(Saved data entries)

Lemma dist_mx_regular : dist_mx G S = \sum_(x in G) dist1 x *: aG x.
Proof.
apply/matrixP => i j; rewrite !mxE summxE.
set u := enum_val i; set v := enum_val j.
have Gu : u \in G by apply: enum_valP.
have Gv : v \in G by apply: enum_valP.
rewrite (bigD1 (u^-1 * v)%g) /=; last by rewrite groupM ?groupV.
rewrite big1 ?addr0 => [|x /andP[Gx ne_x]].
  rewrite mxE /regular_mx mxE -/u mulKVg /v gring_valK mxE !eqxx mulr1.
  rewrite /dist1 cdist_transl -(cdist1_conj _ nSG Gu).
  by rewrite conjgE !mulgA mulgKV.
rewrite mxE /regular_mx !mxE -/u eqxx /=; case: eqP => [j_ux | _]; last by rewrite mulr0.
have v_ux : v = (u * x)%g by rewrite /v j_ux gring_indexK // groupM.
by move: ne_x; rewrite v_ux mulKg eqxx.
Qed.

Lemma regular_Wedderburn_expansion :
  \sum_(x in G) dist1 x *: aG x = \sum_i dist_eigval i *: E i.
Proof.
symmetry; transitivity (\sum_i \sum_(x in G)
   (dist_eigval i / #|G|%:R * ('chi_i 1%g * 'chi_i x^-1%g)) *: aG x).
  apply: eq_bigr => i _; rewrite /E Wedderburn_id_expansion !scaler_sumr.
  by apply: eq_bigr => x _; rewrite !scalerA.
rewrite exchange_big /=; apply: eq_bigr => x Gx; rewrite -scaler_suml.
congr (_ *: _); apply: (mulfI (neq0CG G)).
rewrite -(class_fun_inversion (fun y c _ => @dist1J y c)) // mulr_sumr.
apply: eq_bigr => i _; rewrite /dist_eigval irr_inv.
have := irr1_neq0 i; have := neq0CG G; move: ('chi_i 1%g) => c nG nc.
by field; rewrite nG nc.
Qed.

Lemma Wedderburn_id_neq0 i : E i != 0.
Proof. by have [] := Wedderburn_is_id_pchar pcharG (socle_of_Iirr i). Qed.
...
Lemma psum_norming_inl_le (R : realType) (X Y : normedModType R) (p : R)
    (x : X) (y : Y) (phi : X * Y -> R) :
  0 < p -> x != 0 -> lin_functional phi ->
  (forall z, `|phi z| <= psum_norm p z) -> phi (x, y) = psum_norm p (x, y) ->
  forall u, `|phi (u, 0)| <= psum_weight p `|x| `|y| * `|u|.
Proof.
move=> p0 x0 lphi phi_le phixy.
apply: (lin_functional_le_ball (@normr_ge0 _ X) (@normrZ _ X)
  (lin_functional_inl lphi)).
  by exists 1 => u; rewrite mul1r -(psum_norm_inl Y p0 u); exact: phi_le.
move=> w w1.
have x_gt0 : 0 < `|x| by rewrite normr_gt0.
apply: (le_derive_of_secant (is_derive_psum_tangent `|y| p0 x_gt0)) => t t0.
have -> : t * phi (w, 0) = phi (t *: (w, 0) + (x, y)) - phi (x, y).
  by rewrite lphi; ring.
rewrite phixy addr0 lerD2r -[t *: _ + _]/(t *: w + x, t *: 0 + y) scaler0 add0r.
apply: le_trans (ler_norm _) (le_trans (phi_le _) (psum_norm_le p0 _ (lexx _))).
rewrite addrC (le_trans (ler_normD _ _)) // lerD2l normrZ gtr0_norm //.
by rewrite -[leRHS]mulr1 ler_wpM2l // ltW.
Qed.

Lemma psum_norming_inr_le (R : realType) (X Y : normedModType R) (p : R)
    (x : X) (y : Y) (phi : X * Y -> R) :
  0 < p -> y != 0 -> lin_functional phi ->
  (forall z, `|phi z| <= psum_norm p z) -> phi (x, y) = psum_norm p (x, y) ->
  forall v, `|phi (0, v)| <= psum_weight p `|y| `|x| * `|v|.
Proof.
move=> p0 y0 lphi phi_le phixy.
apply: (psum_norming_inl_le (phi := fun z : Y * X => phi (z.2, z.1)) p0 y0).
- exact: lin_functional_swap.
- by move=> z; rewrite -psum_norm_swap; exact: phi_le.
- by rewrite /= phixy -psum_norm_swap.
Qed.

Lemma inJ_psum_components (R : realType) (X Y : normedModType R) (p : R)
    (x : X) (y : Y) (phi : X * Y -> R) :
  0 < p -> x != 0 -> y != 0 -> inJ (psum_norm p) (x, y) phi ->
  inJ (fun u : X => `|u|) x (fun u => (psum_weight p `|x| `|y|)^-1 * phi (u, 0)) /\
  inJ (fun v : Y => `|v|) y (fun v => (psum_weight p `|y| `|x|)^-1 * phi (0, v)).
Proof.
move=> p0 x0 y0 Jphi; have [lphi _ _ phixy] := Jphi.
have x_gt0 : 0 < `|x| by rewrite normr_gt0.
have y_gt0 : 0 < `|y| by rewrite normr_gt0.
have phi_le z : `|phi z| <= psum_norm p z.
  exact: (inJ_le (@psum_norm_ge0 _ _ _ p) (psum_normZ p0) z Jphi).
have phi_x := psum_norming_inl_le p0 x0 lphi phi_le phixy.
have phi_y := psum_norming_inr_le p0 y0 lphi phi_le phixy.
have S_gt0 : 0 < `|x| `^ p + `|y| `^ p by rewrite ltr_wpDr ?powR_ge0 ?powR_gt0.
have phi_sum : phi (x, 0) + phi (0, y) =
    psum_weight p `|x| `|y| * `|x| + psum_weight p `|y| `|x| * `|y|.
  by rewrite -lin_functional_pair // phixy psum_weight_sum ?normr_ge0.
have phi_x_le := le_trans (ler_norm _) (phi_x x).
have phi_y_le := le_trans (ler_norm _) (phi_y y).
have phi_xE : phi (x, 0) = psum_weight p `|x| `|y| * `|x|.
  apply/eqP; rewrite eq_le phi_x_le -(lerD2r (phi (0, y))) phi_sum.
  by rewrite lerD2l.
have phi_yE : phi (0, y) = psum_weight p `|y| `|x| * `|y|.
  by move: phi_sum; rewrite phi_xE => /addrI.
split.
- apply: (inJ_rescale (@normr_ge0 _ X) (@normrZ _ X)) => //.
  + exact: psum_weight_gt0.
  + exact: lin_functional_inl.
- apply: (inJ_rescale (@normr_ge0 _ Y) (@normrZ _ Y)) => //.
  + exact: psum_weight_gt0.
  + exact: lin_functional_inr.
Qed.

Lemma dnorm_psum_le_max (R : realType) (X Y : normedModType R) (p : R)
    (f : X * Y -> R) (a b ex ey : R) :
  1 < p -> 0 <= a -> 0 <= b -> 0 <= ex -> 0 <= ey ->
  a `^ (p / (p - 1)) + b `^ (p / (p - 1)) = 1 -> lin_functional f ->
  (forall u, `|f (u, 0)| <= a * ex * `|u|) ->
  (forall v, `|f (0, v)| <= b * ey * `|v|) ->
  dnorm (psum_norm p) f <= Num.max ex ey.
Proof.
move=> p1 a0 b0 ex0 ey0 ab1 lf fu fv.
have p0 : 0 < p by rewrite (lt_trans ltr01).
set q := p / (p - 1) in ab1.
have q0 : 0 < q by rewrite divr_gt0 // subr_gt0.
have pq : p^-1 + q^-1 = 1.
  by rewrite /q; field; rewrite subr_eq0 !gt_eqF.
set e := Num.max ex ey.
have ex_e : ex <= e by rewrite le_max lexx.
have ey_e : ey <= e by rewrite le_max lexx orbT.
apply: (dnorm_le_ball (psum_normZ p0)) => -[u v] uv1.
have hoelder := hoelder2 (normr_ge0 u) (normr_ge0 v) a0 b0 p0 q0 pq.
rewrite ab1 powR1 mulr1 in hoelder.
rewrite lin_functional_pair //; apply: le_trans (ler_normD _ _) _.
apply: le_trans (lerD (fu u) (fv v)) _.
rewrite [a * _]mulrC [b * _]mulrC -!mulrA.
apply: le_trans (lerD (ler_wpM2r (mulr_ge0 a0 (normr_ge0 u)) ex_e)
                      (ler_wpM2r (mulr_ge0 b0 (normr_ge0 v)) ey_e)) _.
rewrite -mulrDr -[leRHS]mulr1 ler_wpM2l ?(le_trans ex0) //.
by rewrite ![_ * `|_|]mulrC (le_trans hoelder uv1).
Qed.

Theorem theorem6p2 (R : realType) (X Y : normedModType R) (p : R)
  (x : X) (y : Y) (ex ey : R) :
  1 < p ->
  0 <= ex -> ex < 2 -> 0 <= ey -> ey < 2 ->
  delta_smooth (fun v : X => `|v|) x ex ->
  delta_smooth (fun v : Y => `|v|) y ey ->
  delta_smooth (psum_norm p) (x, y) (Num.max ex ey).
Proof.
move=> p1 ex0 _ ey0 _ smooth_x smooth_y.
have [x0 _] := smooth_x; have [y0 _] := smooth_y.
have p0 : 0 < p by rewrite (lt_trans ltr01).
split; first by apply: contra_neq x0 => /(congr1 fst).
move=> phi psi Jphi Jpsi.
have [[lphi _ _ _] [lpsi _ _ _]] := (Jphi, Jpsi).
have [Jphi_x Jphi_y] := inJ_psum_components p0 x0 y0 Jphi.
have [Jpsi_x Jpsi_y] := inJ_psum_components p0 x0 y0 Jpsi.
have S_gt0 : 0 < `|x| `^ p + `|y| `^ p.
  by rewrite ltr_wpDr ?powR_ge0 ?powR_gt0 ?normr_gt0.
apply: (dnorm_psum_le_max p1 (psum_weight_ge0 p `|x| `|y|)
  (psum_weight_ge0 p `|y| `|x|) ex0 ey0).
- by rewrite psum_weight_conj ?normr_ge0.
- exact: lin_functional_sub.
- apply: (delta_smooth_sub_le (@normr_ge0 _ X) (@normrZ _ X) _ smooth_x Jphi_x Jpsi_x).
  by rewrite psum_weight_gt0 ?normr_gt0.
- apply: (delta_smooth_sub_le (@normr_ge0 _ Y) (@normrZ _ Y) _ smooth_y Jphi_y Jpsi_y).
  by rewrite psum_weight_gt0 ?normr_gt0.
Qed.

### TASK
Write down again, exactly as given, only the lines above that fall from the line with "apply: (le_derive_of_secant (is_derive_psum_tangent" to the line with "rewrite phixy addr0", inclusive.

### REPLY TO THE EXERCISE
apply: (le_derive_of_secant (is_derive_psum_tangent `|y| p0 x_gt0)) => t t0.
have -> : t * phi (w, 0) = phi (t *: (w, 0) + (x, y)) - phi (x, y).
  by rewrite lphi; ring.
rewrite phixy addr0 lerD2r -[t *: _ + _]/(t *: w + x, t *: 0 + y) scaler0 add0r.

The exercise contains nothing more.